This is why the French are better at war than you think
The United States and France do not always see eye-to-eye on military matters. In 1966, French President Charles de Gaulle pulled France from NATO during the height of the Cold War to preserve French independence. (Nicolas Sarkozy rejoined the alliance in 2009.) France tested nuclear devices well into the 1990s, decades after most of the other nuclear powers signed the Partial Test Ban Treaty in 1963. Most recently, France begged off on joining the U.S.-U.K. “Coalition of the Willing” to oust Saddam Hussein in Iraq.

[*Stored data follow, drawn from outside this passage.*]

(* Let $\mathcal{F}$ be a monotone feature. Then $\sigma^{\mathcal{F}}=\varrho^{\mathcal{F}}$, i.e. $\sigma^{\mathcal{F}}_{(G,f)}(u,v)=\varrho^{\mathcal{F}}_{(G,f)}(u,v)$ for every weighted graph $(G,f)$ and every $(u,v)\in\Delta^+$.
   Context: Graphs are finite simple undirected graphs; a weighted graph is $(G,f)$ with $G=(V,E)$, $f:E\to\mathbb{R}$. For $u\in\mathbb{R}$, $G_u=(V_u,E_u)$ is the subgraph induced by the edge set $f^{-1}((-\infty,u])$, $G_{+\infty}=G$. Only subgraphs induced by edge sets are considered. $\Delta^+=\{(u,v)\in\mathbb{R}\times(\mathbb{R}\cup\{+\infty\}):u<v\}$. A feature $\mathcal{F}$ assigns to every graph $H=(V_H,E_H)$ a function $2^{V_H\cup E_H}\to\{true,false\}$. It is monotone if (i) for any graphs $G'=(V',E')\subset G''$ and any $X\subseteq V'\cup E'$, $\mathcal{F}(X)=true$ in $G''$ implies $\mathcal{F}(X)=true$ in $G'$; and (ii) in any graph, for $Y\subset X$, $\mathcal{F}(X)=true$ implies $\mathcal{F}(Y)=true$. $X\subseteq V\cup E$ is an $\mathcal{F}$-set at level $w$ if $X\subseteq V_w\cup E_w$ and $\mathcal{F}(X)=true$ in $G_w$. It is a steady $\mathcal{F}$-set at $(u,v)$ if it is an $\mathcal{F}$-set at every level $w\in[u,v]$, and a ranging $\mathcal{F}$-set at $(u,v)$ if it is an $\mathcal{F}$-set at some level $w\le u$ and at some level $w'\ge v$. $\sigma^{\mathcal{F}}_{(G,f)}(u,v)$ (resp. $\varrho^{\mathcal{F}}_{(G,f)}(u,v)$) is the number of steady (resp. ranging) $\mathcal{F}$-sets at $(u,v)$. *)

From HB Require Import structures.
From mathcomp Require Import all_boot all_order all_algebra.
From mathcomp Require Import boolp reals.
Set Implicit Arguments. Unset Strict Implicit. Unset Printing Implicit Defensive.
Import Order.TTheory GRing.Theory Num.Theory.
Local Open Scope ring_scope.

Section Graphs.
Variable T : finType.

(* An element of V ∪ E: a vertex (inl) or an edge (inr, a 2-subset of T). *)
Definition elt := (T + {set T})%type.

Definition is_graph (V : {set T}) (E : {set {set T}}) : Prop :=
  forall e, e \in E -> (e \subset V) /\ #|e| = 2%N.

Definition elts (V : {set T}) (E : {set {set T}}) : {set elt} :=
  [set inl x | x in V] :|: [set inr e | e in E].

Definition edge_verts (E : {set {set T}}) : {set T} := \bigcup_(e in E) e.

Definition feature := {set T} -> {set {set T}} -> {set elt} -> bool.

(* Monotone feature. (i) is stated for subgraphs G' of G'' induced by an edge
   set E' ⊆ E'' (only edge-induced subgraphs are considered). *)
Definition monotone (F : feature) : Prop :=
  (forall (V'' : {set T}) (E'' E' : {set {set T}}) (X : {set elt}),
      is_graph V'' E'' -> E' \subset E'' ->
      X \subset elts (edge_verts E') E' ->
      F V'' E'' X -> F (edge_verts E') E' X) /\
  (forall (V : {set T}) (E : {set {set T}}) (X Y : {set elt}),
      is_graph V E -> Y \subset X -> F V E X -> F V E Y).

Variable R : realType.

(* Levels: Some u = real u, None = +oo. *)
Definition level := option R.
Definition le_lvl (a b : level) : bool :=
  match a, b with
  | _, None => true
  | None, Some _ => false
  | Some x, Some y => x <= y
  end.
Definition lt_lvl (a b : level) : bool :=
  match a, b with
  | Some _, None => true
  | None, _ => false
  | Some x, Some y => x < y
  end.

Variables (V : {set T}) (E : {set {set T}}) (f : {set T} -> R).

(* G_w = (V_w, E_w); G_{+oo} = G. *)
Definition lvl_E (w : level) : {set {set T}} :=
  match w with
  | Some u => [set e in E | f e <= u]
  | None => E
  end.
Definition lvl_V (w : level) : {set T} :=
  match w with
  | Some u => edge_verts (lvl_E w)
  | None => V
  end.

Definition Fset (F : feature) (X : {set elt}) (w : level) : bool :=
  (X \subset elts (lvl_V w) (lvl_E w)) && F (lvl_V w) (lvl_E w) X.

Definition steady (F : feature) (X : {set elt}) (u : R) (v : level) : Prop :=
  forall w : level, le_lvl (Some u) w -> le_lvl w v -> Fset F X w.

Definition ranging (F : feature) (X : {set elt}) (u : R) (v : level) : Prop :=
  (exists w : level, le_lvl w (Some u) /\ Fset F X w) /\
  (exists w' : level, le_lvl v w' /\ Fset F X w').

Definition sigmaF (F : feature) (u : R) (v : level) : nat :=
  #|[set X : {set elt} | `[< steady F X u v >]]|.
Definition rhoF (F : feature) (u : R) (v : level) : nat :=
  #|[set X : {set elt} | `[< ranging F X u v >]]|.

End Graphs.

From HB Require Import structures.
From mathcomp Require Import all_boot all_order all_algebra.
From mathcomp Require Import boolp reals.
Set Implicit Arguments. Unset Strict Implicit. Unset Printing Implicit Defensive.
Import Order.TTheory GRing.Theory Num.Theory.
Local Open Scope ring_scope.

(* Steady sets are ranging: take the levels u and v themselves.  Conversely,
   let X be an F-set at some w <= u and at some w' >= v, and let w <= w'' <= w'.
   Since the filtration G_w is increasing, X lies in G_w'' because it lies in
   G_w; and G_w'' is the subgraph of G_w' induced by an edge set, so
   monotonicity (i) carries F(X) from G_w' down to G_w''. *)

Section Levels.
Variable R : realType.

Lemma le_lvl_refl (a : level R) : le_lvl a a.
Proof. by case: a => [a|] //=; rewrite lexx. Qed.

Lemma le_lvl_trans (a b c : level R) : le_lvl a b -> le_lvl b c -> le_lvl a c.
Proof. by case: a => [a|]; case: b => [b|]; case: c => [c|] //=; apply: le_trans. Qed.

Lemma lt_lvlW (a b : level R) : lt_lvl a b -> le_lvl a b.
Proof. by case: a => [a|]; case: b => [b|] //= /ltW. Qed.

End Levels.

Section Filtration.
Variables (T : finType) (R : realType) (V : {set T}) (E : {set {set T}}).
Variable f : {set T} -> R.
Hypothesis hG : is_graph V E.

Lemma edge_verts_mono (A B : {set {set T}}) :
  A \subset B -> edge_verts A \subset edge_verts B.
Proof.
move=> AB; apply/subsetP => x /bigcupP[e eA xe]; apply/bigcupP.
by exists e; first exact: (subsetP AB).
Qed.

Lemma edge_verts_sub (A : {set {set T}}) : A \subset E -> edge_verts A \subset V.
Proof.
move=> AE; apply/subsetP => x /bigcupP[e eA xe].
by have [eV _] := hG (subsetP AE _ eA); apply: (subsetP eV).
Qed.

Lemma elts_mono (V1 V2 : {set T}) (E1 E2 : {set {set T}}) :
  V1 \subset V2 -> E1 \subset E2 -> elts V1 E1 \subset elts V2 E2.
Proof. by move=> sV sE; apply: setUSS; apply: imsetS. Qed.

Lemma lvl_E_sub (w : level R) : lvl_E E f w \subset E.
Proof. by case: w => [w|] //=; apply/subsetP => e; rewrite inE => /andP[]. Qed.

Lemma lvl_E_mono (a b : level R) : le_lvl a b -> lvl_E E f a \subset lvl_E E f b.
Proof.
case: a => [a|]; case: b => [b|] //= ab; last exact: (lvl_E_sub (Some a)).
by apply/subsetP => e; rewrite !inE => /andP[-> /le_trans]; apply.
Qed.

Lemma lvl_V_mono (a b : level R) : le_lvl a b -> lvl_V V E f a \subset lvl_V V E f b.
Proof.
case: a => [a|]; case: b => [b|] //= ab.
  exact/edge_verts_mono/(lvl_E_mono (a := Some a) (b := Some b)).
exact/edge_verts_sub/(lvl_E_sub (Some a)).
Qed.

Lemma elts_lvl_mono (a b : level R) :
  le_lvl a b -> elts (lvl_V V E f a) (lvl_E E f a) \subset elts (lvl_V V E f b) (lvl_E E f b).
Proof. by move=> ab; apply: elts_mono; [apply: lvl_V_mono | apply: lvl_E_mono]. Qed.

Lemma is_graph_lvl (w : level R) : is_graph (lvl_V V E f w) (lvl_E E f w).
Proof.
case: w => [w|] //= e ew; split; first by apply/subsetP => x xe; apply/bigcupP; exists e.
by have [] := hG (subsetP (lvl_E_sub (Some w)) _ ew).
Qed.

Variable F : feature T.
Hypothesis hF : monotone F.

Lemma Fset_between (X : {set elt T}) (w w'' w' : level R) :
  le_lvl w w'' -> le_lvl w'' w' -> Fset V E f F X w -> Fset V E f F X w' ->
  Fset V E f F X w''.
Proof.
move=> ww'' w''w' /andP[Xw _] /andP[_ FXw'].
have Xw'' := subset_trans Xw (elts_lvl_mono ww'').
rewrite /Fset Xw'' /=.
case: w'' ww'' w''w' Xw'' => [w''|] ww'' w''w' Xw''; last by case: w' w''w' FXw'.
exact: hF.1 _ _ _ _ (is_graph_lvl (w := w')) (lvl_E_mono w''w') Xw'' FXw'.
Qed.

Lemma steady_ranging (X : {set elt T}) (u : R) (v : level R) :
  le_lvl (Some u) v -> steady V E f F X u v <-> ranging V E f F X u v.
Proof.
move=> uv; split => [stX | [[w [wu FXw]] [w' [vw' FXw']]] w'' uw'' w''v].
  split; first by exists (Some u); split; [|apply: stX] => //=; rewrite lexx.
  by exists v; split; [|apply: stX] => //; apply: le_lvl_refl.
apply: (Fset_between (w := w) (w' := w')) FXw FXw'.
  exact: le_lvl_trans wu uw''.
exact: le_lvl_trans w''v vw'.
Qed.

End Filtration.

Theorem proposition3 (T : finType) (R : realType) (F : feature T)
  (hF : monotone F) (V : {set T}) (E : {set {set T}}) (hG : is_graph V E)
  (f : {set T} -> R) (u : R) (v : level R) (huv : lt_lvl (Some u) v) :
  sigmaF V E f F u v = rhoF V E f F u v.
Proof.
apply: eq_card => X; rewrite !inE.
by apply: asbool_equiv_eq; apply: steady_ranging => //; apply: lt_lvlW.
Qed.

And because of the world wars of the 20th Century, the French military tends to be seen with disdain. The French didn’t fare so well in World War I, as the Germans’ drive through Belgium resulted in much of the fighting being done on French soil. The inability to repel the German forces made the French seem weak. Truthfully, it was a multinational force who failed to expel the invaders, so it’s not entirely France’s fault. And then of course, the quick capitulation and subsequent collaboration of France to the Nazis in World War II gave them the reputation they have today.
In WWII, Free French forces had the élan to fight their own countrymen who had sided with the collaborationist Vichy government. Free French troops worked in concert with the British and Americans throughout the war. Those who could not escape the fall of France in 1940 fought on as partisans for four years under the Nazi occupation, assisting with U.S. and British intelligence operations, assassinations, sabotage, and were essential to planning the D-Day invasions. The operators of the French Résistance are symbolic of underground resistance movements to this day.
After World War II, the French experienced a number of setbacks in its former colonies, most notably in French Indochina (aka Vietnam – and we in the U.S. know that war wasn’t as easily winnable as it might have seemed at the time), and in Algiers, where the independence movement led to a series of bloody, brutal attacks and counter attacks between French forces and the Algerian rebels. Since then, France has been resolute in its ideals and willing and able to back up those ideals with military force.
In response to the Nov. 2015 attacks on Paris from ISIS (Daesh), France immediately launched at least 30 air strikes against the de facto ISIS capital of Raqqa alone. French audacity led the way for the U.S. to hit ISIS oil facilities in Iraq and Syria, a main source of the terror group’s operating funds. The nuclear-powered French carrier Charles de Gaulle is currently en route to the Mediterranean to support anti-ISIS operations.
The Charles de Gaulle led an expedition of the one-fourth of the French Navy that supported operations in Afghanistan. The French launched 140 air strikes to support operations on the ground during the 2001 invasion as well as lending its recon aircraft to support U.S. special operations forces and then conventional forces in Operation Anaconda. French ground forces have been in Afghanistan since 2010, and 88 troops died there.
France is especially active in its former African colonies. During the 2004 Ivorian Civil War, the French sent 2,500 troops to keep the peace and prevent the sides from slaughtering each other. When French and Western civilians were rescued by French military helicopters as mobs of Ivorians raided Westerner’s homes. When Ivorian government forces, ostensibly under the guise of attacking rebel positions, hit a French base in Bouaké, killing nine and injuring 31, the French retaliated by an overland march on Yamoussoukro airport, taking out much of the Ivorian Air Force on the ground, and then capturing the country’s main airport in Abidjan.
The French returned to Ivory Coast in 2011 to finish off president Laurent Gbagbo, who refused to concede his election loss . The French ousted Gbagbo and arrested him, then subdued mercenaries hired by the former president.
That same year, French forces intervened in Libya to recon the country and take out artillery and armor bound for dictator Muammar Qaddafi’s effort to fill the streets of Benghazi with “rivers of blood.” The French also assisted with the imposition of NATO “no-fly zones,” giving Libyan rebels the air support needed to even the odds of the war against Qaddafi’s regime.
In 2012, an Islamist group in Mali called Ansar Dine backed Tuareg tribes and secular militia in declaring independence in the Northern area of the former French colony. They quickly captured three of the country’s largest cities and imposed strict Sharia law. The power vacuum attracted insurgents and jihadists from other Islamist groups, including al-Qaeda in the Islamic Maghreb. The Malian government fell in a coup led by Malian troops unhappy with the government’s handling of the crisis.
Once a civilian interim government was re-established in the capital of Bamako, Islamist militants began to push toward the country’s center, and the French sent in the marines. French airstrikes stopped the Islamist advance and French troops helped the Malians recapture the vital city of Konna. By the time the French and Malians reached Timbuktu, Islamist resistance faded to nil. The entire operation took six months.
The French lead a 3,000-strong counterterrorism force in Africa, spanning Mali, Niger, Burkina Faso, Mauritania, and Chad. They are the sole Western, NATO country in Operation Barkhane, fighting Islamist presence in West Africa, fighting ISIS and al-Qaeda-linked militants throughout the region.